-------- Supplied records --------
Lemma gap_along_walk (E : nat -> nat -> Prop) al t0 M :
  (forall i j, E i j -> (i < N)%nat /\ (j < N)%nat) ->
  (forall t i j, 0 < t -> E i j -> al <= a t i j) -> 0 <= al ->
  0 < t0 -> (forall k, (k < N)%nat -> x t0 k <= M) ->
  forall d i q, walk E d i q -> (q < N)%nat ->
  forall t, t0 + INR d <= t -> al ^ d * (M - x t0 q) <= (M - x t i) * exp (t - t0).
Proof.
  intros HE Hal Hal0 Ht0 HM d i q Hw Hq t Ht.
  pose proof (upper_bound_forward t0 M Ht0 HM) as Hinv.
  set (z := fun k s => (M - x s k) * exp (1 * (s - t0))).
  set (dz := fun k s =>
    (- consensus_rhs N (a s) (x s) k + 1 * (M - x s k)) * exp (1 * (s - t0))).
  assert (Hdeficit : forall k j s, (k < N)%nat -> (j < N)%nat -> t0 <= s ->
            a s k j * (M - x s j) * exp (1 * (s - t0)) <= dz k s).
  { intros k j s Hk Hj Hs; apply Rmult_le_compat_r; [left; apply exp_pos|].
    pose proof (gap_term_le_deficit N (a s) (x s) k Hk
                  (fun l Hl => a_nonneg s k l ltac:(lra) Hk Hl)
                  (a_row_sum s k ltac:(lra) Hk) M j Hj (fun l Hl => Hinv s l Hs Hl)).
    lra. }
  replace (M - x t0 q) with (z q t0) by (unfold z; rewrite Rminus_diag, Rmult_0_r, exp_0; ring).
  replace (exp (t - t0)) with (exp (1 * (t - t0))) by (f_equal; ring).
  apply (walk_lower_bound N E z dz t0 al Hal0 HE); auto.
  - intros k s Hk Hs; apply (is_derive_mult_exp (fun s => M - x s k)).
    rewrite <- (Rminus_0_l (consensus_rhs _ _ _ _)).
    exact (is_derive_minus _ _ s _ _ (is_derive_const M s) (x_ode s k ltac:(lra) Hk)).
  - intros k s Hk Hs; apply Rmult_le_pos; [pose proof (Hinv s k Hs Hk); lra|].
    left; apply exp_pos.
  - intros k s Hk Hs; eapply Rle_trans; [|apply (Hdeficit k k s Hk Hk Hs)].
    apply Rmult_le_pos; [|left; apply exp_pos].
    apply Rmult_le_pos; [apply a_nonneg; auto; lra|pose proof (Hinv s k Hs Hk); lra].
  - intros k j s Hkj Hs; destruct (HE k j Hkj) as [Hk Hj].
    eapply Rle_trans; [|apply (Hdeficit k j s Hk Hj Hs)]; unfold z.
    rewrite <- Rmult_assoc; apply Rmult_le_compat_r; [left; apply exp_pos|].
    apply Rmult_le_compat_r; [pose proof (Hinv s j Hs Hj); lra|apply Hal; auto; lra].
Qed.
--------
*Required work:* Where in the records above does the word "rewrite" appear? Copy each line that holds it.

*Output below:*
  replace (M - x t0 q) with (z q t0) by (unfold z; rewrite Rminus_diag, Rmult_0_r, exp_0; ring).
    rewrite <- (Rminus_0_l (consensus_rhs _ _ _ _)).
    rewrite <- Rmult_assoc; apply Rmult_le_compat_r; [left; apply exp_pos|].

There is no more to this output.